In today’s economy some of us have had to modify our vacationing traditions. The typical Vacation turned into a Staycation - where we stay and visit sights near our home to the Naycation - where we stay in our home and do nothing.
Wherever you are there always seems to be a sense of fate ~ something you can’t control; something that is meant to be. Do you believe in fate? I do and I hope you enjoy my fate and feel like you’re on a little private vacation yourself.
I believe “You meet people who forget you. You forget people you meet. But sometimes you meet those people you can’t forget. Those are your friends” (Author Unknown).
In the beginning phase of Twig Travel I had the wonderful opportunity to a form a friendship with Chef Roman Petrack. What a marvel he has turned out to be, and I hope you too will find what I found in his charismatic spirit.
Chef Roman Petrack is the owner and executive chef of Kangaroo Catering at http://www.kangaroocatering.com/. He was born in New Zealand as the son of a renowned patisserie and raised both in the Netherlands and Australia. Chef Roman graduated with honors from the Culinary Arts Institute in Tasmania, Australia where his talents led him to led him to work in award winning restaurants including the Owls’
Nest in Tasmania and the popular Michel's Restaurant http://www.michelsrestaurant.com/ which received the "Best Restaurant" award in North Queensland for three consecutive years.
Chef Roman now lives in Grand Rapids, Michigan and offers a variety of
services that cater to your individual needs with customized menus using fresh local produce, and organic as much as possible, in order to create a memorable dining experience for you and your guests.
Kangaroo Catering specializes in "home catering" including elegant sit down dinners, fun interactive parties, gourmet buffets and colorful cocktail parties. Customized weekly meal plans are also offered. These are prepared and cooked in your kitchen and left for you to enjoy complete with heating instructions.
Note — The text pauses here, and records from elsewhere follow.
(* Let $\Gamma$ be a connected $\mathbb Z$-leg-weighted graph with edge set $E$, and let $F_\Gamma$ be the set of all faces of the cones $c_w$ as $w$ runs over $W(\Gamma)$. Then $F_\Gamma$ is a finite fan in $\mathbb Q_{\ge0}^E$.
   Context: A graph consists of finite sets $V$ (vertices) and $H$ (half-edges), a map $\mathrm{end}\colon H\to V$, an involution $i$ of $H$, a genus $g\colon V\to\mathbb Z_{\ge0}$ and an integer twist $k$. Legs are fixed points of $i$; edges are pairs $\{h,i(h)\}$ with $h\ne i(h)$; a directed edge is a non-leg half-edge $h$ from $\mathrm{end}(h)$ to $\mathrm{end}(i(h))$. $\mathrm{val}(v)$ counts non-leg half-edges at $v$, $\kappa(v)=2g(v)-2+\mathrm{val}(v)$, $g(\Gamma)=b_1(\Gamma)+\sum_v g(v)$. A cycle is a closed walk of directed edges repeating no vertex or undirected edge. A weighting is $w\colon H\to\mathbb Z$ with $w(h)+w(i(h))=0$ for $h\ne i(h)$ and $\sum_{\mathrm{end}(h)=v}w(h)+k\kappa(v)=0$ for all $v$; $W(\Gamma)$ is the set of weightings with prescribed integer leg values (summing to $-k(2g(\Gamma)-2)$). For a directed edge $e$ of a cycle $\gamma$, $w_\gamma(e)$ is the value of $w$ at the source half-edge of $e$. $c_w\subseteq\mathbb Q_{\ge0}^E$ is the cone of $t$ with $\sum_{e\in\gamma}w_\gamma(e)t(e)=0$ for all cycles $\gamma$. *)

From HB Require Import structures.
From mathcomp Require Import all_boot all_order all_algebra.
From mathcomp Require Import boolp classical_sets cardinality.
Set Implicit Arguments. Unset Strict Implicit. Unset Printing Implicit Defensive.
Import Order.TTheory GRing.Theory Num.Theory.
Local Open Scope ring_scope.
Local Open Scope classical_set_scope.

Section Graph.
(* A graph: vertices V, half-edges H, end map [endp], involution [i]
   (assumed involutive where needed), genus [g], twist [k]. *)
Variables (V H : finType) (endp : H -> V) (i : H -> H) (g : V -> nat) (k : int).

Definition is_leg (h : H) : bool := i h == h.

Definition is_edge_set (A : {set H}) : bool :=
  [exists h, (i h != h) && (A == (finset.set1 h :|: finset.set1 (i h)))].
Definition Edge : Type := {A : {set H} | is_edge_set A}.
HB.instance Definition _ := Finite.on Edge.

(* the coordinate of t : Q^E at the undirected edge underlying h (0 for legs) *)
Definition tval (t : Edge -> rat) (h : H) : rat :=
  if @insub _ is_edge_set Edge (finset.set1 h :|: finset.set1 (i h)) is Some e then t e else 0.

Definition val_v (v : V) : nat := #|[pred h | (endp h == v) && ~~ is_leg h]|.
Definition kappa (v : V) : int := (2 * (g v)%:Z - 2 + (val_v v)%:Z).

Definition adj : rel V :=
  fun u v => [exists h, [&& ~~ is_leg h, endp h == u & endp (i h) == v]].
Definition graph_connected : Prop := forall u v, connect adj u v.

Definition n_components : nat := n_comp adj predT.
Definition b1 : int := (#|{: Edge}|%:Z - #|V|%:Z + (n_components)%:Z).
Definition genus_total : int := b1 + (\sum_(v : V) g v)%:Z.

Definition is_weighting (w : H -> int) : Prop :=
  (forall h, ~~ is_leg h -> w h + w (i h) = 0) /\
  (forall v, \sum_(h | endp h == v) w h + k * kappa v = 0).

Definition W_Gamma (legw : H -> int) : set (H -> int) :=
  [set w | is_weighting w /\ forall h, is_leg h -> w h = legw h].

Definition is_cycle (s : seq H) : bool :=
  [&& size s != 0%N, all (fun h => ~~ is_leg h) s,
      cycle (fun h h' => endp (i h) == endp h') s,
      uniq (map endp s) & uniq (map (fun h => (finset.set1 h :|: finset.set1 (i h))) s)].

Definition cone_w (w : H -> int) : set (Edge -> rat) :=
  [set t | (forall e, 0 <= t e) /\
     forall s, is_cycle s -> \sum_(h <- s) (w h)%:~R * tval t h = 0].

End Graph.
Arguments cone_w [V H] endp i w _.
Arguments tval [H] i t h.

Section Fans.
Variable E : finType.

Definition lin (a t : E -> rat) : rat := \sum_(e : E) a e * t e.

Definition polyhedral_cone (C : set (E -> rat)) : Prop :=
  exists (n : nat) (A : 'I_n -> E -> rat),
    C = [set t | forall j, 0 <= lin (A j) t].

Definition face (F C : set (E -> rat)) : Prop :=
  exists a : E -> rat, (forall t, C t -> 0 <= lin a t) /\
    F = [set t | C t /\ lin a t = 0].

Definition fan (S : set (set (E -> rat))) : Prop :=
  [/\ forall C, S C -> polyhedral_cone C,
      forall C, S C -> forall t, C t -> forall e, 0 <= t e,
      forall C F, S C -> face F C -> S F &
      forall C D, S C -> S D -> face (C `&` D) C /\ face (C `&` D) D].

Definition finite_fan (S : set (set (E -> rat))) : Prop :=
  finite_set S /\ fan S.
End Fans.

Definition F_Gamma {V H : finType} (endp : H -> V) (i : H -> H) (g : V -> nat)
  (k : int) (legw : H -> int) : set (set (Edge i -> rat)) :=
  [set F | exists w, W_Gamma endp i g k legw w /\ face F (cone_w endp i w)].
Arguments F_Gamma {V H} endp i g k legw _.

(* Since c_w is the nonnegative orthant cut by a linear subspace, each of its faces
   is c_w intersected with coordinate hyperplanes t_e = 0, and so is each face of a
   face.  For t in c_w the flow h |-> w(h) t(h) sums to zero along every cycle, hence
   along every closed walk, so on the connected graph it is the gradient of a
   potential phi on the vertices.  Two consequences give the fan.
   - If t lies in c_w and c_w', then d = w - w' is divergence free, and pairing d with
     the gradient of phi gives sum_h d(h)^2 t(h) = 0: w and w' agree wherever t is
     positive, so c_w /\ c_w' is the face of c_w cut out by sum_h d(h)^2 t(h).
   - Summing w over the half-edges leaving a sublevel set of phi bounds |w(h)| by
     sum_v |k kappa(v) + (leg weights at v)| whenever some t in c_w is positive at h.
     As c_w only depends on w restricted to that support, only finitely many cones,
     hence finitely many faces, occur. *)

From HB Require Import structures.
From mathcomp Require Import all_boot all_order all_algebra.
From mathcomp Require Import boolp classical_sets cardinality.
From mathcomp Require Import lra zify.
Set Implicit Arguments. Unset Strict Implicit. Unset Printing Implicit Defensive.
Import Order.TTheory GRing.Theory Num.Theory.
Local Open Scope ring_scope.
Local Open Scope classical_set_scope.

Section Cones.
Variable E : finType.
Local Notation vec := (E -> rat).

Definition orthant_cap (L : vec -> Prop) : set vec :=
  [set t | (forall e, 0 <= t e) /\ L t].

Definition lincomb_closed (L : vec -> Prop) : Prop :=
  L (fun _ => 0) /\
  forall u t c d, L u -> L t -> L (fun e => c * u e + d * t e).

Lemma lin_combr (a u t : vec) c d :
  lin a (fun e => c * u e + d * t e) = c * lin a u + d * lin a t.
Proof.
rewrite /lin !mulr_sumr -big_split; apply: eq_bigr => e _ /=.
by rewrite mulrDr !(mulrCA (a e)).
Qed.

Lemma linDl (a b t : vec) : lin (fun e => a e + b e) t = lin a t + lin b t.
Proof. by rewrite /lin -big_split; apply: eq_bigr => e _; rewrite mulrDl. Qed.

Lemma lin_ge0 (a t : vec) : (forall e, 0 <= a e) -> (forall e, 0 <= t e) ->
  0 <= lin a t.
Proof. by move=> a0 t0; apply: sumr_ge0 => e _; apply: mulr_ge0. Qed.

Lemma lin_eq0 (a t : vec) : (forall e, 0 <= a e) -> (forall e, 0 <= t e) ->
  lin a t = 0 <-> forall e, a e != 0 -> t e = 0.
Proof.
move=> a0 t0; rewrite /lin; split.
- move=> /eqP; rewrite psumr_eq0 => [/allP at0 e nz|e _]; last exact: mulr_ge0.
  by move: (at0 e (mem_index_enum e)); rewrite mulf_eq0 (negbTE nz) => /eqP.
- move=> at0; rewrite big1 // => e _.
  by have [->|/at0 ->] := eqVneq (a e) 0; rewrite ?mul0r ?mulr0.
Qed.

Lemma linDl_eq0 (a b t : vec) : (forall e, 0 <= a e) -> (forall e, 0 <= b e) ->
  (forall e, 0 <= t e) ->
  lin (fun e => a e + b e) t = 0 <-> lin a t = 0 /\ lin b t = 0.
Proof.
move=> a0 b0 t0; rewrite linDl; have := lin_ge0 a0 t0; have := lin_ge0 b0 t0.
by split=> [|[-> ->]]; [move=> ab0; split; lra | rewrite addr0].
Qed.

Lemma lin_delta (e : E) (t : vec) : lin (fun e' => (e' == e)%:R) t = t e.
Proof.
rewrite /lin (bigD1 e) //= eqxx mul1r big1 ?addr0 // => e' /negbTE ne.
by rewrite ne mul0r.
Qed.

Lemma exists_max_support (Q : set vec) : Q (fun _ => 0) ->
  (forall u t, Q u -> Q t -> Q (fun e => u e + t e)) ->
  (forall t, Q t -> forall e, 0 <= t e) ->
  exists2 u, Q u & forall e, (exists2 t, Q t & t e != 0) -> 0 < u e.
Proof.
move=> Q0 QD Qge0.
suff [u Qu upos] : exists2 u, Q u &
    forall e, e \in index_enum E -> (exists2 t, Q t & t e != 0) -> 0 < u e.
  by exists u => // e; apply: upos; rewrite mem_index_enum.
elim: (index_enum E) => [|e r [u Qu upos]]; first by exists (fun _ => 0).
have [[t Qt te]|] := pselect (exists2 t, Q t & t e != 0); last first.
  by move=> noe; exists u => // e'; rewrite inE => /orP [/eqP -> //|]; apply: upos.
exists (fun e => u e + t e); first exact: QD.
move=> e' /=; rewrite inE => /orP [/eqP -> _|/upos up /up ue].
  by apply: ltr_wpDl; [exact: Qge0 _ Qu _ | rewrite lt_def te Qge0].
by apply: ltr_wpDr; [exact: Qge0 _ Qt _ | exact: ue].
Qed.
Who could ask for more?! I was so impressed that not only does Chef Roman tailor his catering to your wants and needs but he also has his own serving staff and rental details that truly makes your event even more memorable.
To simplify my life a little bit, I think I just might ask for one of Chef Romans gift certificates that he offers at www.kangaroocatering.com.
I may never be able to cook like Chef Roman, but I might as well enjoy a meal created by a wonderful friend and a little Naycation myself!
Grilled Jamaican Chicken served with a fresh mango, red onion and cilantro relish
Chicken and rub
· 1/2 cup vegetable oil
· 1 onion coarsely chopped
· 2 scallions coarsely chopped
· 1 large jalapeño pepper, stem and seeds removed
· 1 tablespoon fresh grated ginger
· 3 cloves garlic, coarsely chopped
· 1 tablespoon finely chopped fresh thyme
· 2 tablespoons red wine vinegar
· 1 tablespoon light brown sugar
· 1/4 teaspoon ground cinnamon
· 1/4 teaspoon freshly ground nutmeg (or ground)
· Pinch ground cloves
· 1 teaspoon ground allspice
· 1/2 teaspoon salt
· 1/4 teaspoon freshly ground black pepper
· 1 teaspoon fresh lime juice
· 4 chicken thighs, skin on, bone in
· 4 drum sticks, skin on
NOTE - you may also remove the skin if you wish and may also use chicken breasts instead
· Puree all the ingredients, except the chicken, in a food processor until almost smooth.
· Piece the chicken with a fork to make tiny holes. Place the chicken in a large shallow baking dish and rub the marinade into the chicken.
· Cover and refrigerate over night and preferably for up to 24 hours
· Preheat grill. Grill chicken on each side for 5 to 6 minutes or until cooked through.
Alternatively you may also seal the chicken on the stove top and finish it in a preheated 350 degree oven for approximately 15 minutes.
Mango, red onion and cilantro relish
· 2 ripe mangoes, peeled and diced
· 1/4 cup finely chopped red onion
· 2 tablespoons chopped cilantro
· 3 tablespoons fresh lime juice
· 3 tablespoons fresh orange juice
· Salt and freshly ground pepper
· Combine the mangoes, onion, cilantro, lime juice, and orange juice in a bowl and gently mix. Season to taste with salt and pepper.
Recipe by Chef Roman Petrack
My sincere thank you Chef Roman and may all of you enjoy!!!